§ **WHAT NEEDS TO BE DONE**: Would you go through the records below and copy each line with the string "Require"?

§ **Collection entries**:
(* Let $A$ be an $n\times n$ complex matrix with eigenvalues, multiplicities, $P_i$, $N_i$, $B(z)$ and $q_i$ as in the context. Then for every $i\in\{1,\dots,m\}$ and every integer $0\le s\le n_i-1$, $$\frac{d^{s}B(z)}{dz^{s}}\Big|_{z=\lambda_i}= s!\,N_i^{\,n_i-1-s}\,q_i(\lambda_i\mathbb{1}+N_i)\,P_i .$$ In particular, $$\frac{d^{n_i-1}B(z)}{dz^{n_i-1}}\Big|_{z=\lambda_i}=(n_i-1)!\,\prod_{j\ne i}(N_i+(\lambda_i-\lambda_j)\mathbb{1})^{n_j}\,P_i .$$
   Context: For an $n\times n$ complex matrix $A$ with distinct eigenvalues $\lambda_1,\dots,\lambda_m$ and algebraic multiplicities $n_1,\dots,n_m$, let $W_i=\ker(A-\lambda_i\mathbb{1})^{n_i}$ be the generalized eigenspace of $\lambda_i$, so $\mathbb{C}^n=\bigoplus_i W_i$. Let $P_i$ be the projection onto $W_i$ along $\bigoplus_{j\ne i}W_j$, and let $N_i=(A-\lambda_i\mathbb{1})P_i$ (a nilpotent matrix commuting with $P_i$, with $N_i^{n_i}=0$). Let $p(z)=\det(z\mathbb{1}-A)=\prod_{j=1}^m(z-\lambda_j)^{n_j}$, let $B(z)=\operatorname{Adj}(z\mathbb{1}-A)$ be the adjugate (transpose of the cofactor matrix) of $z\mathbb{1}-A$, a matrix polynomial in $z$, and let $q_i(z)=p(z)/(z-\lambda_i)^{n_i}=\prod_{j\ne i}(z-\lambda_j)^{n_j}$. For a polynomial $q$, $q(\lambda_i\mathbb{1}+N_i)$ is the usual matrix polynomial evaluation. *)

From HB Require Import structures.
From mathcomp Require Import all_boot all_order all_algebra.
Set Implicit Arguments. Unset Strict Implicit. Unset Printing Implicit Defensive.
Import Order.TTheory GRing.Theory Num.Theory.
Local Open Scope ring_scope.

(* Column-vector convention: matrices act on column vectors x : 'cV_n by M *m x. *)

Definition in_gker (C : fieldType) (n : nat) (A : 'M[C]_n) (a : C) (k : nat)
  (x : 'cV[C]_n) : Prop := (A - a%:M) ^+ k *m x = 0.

§ **RESPONSE**:
From HB Require Import structures.
From mathcomp Require Import all_boot all_order all_algebra.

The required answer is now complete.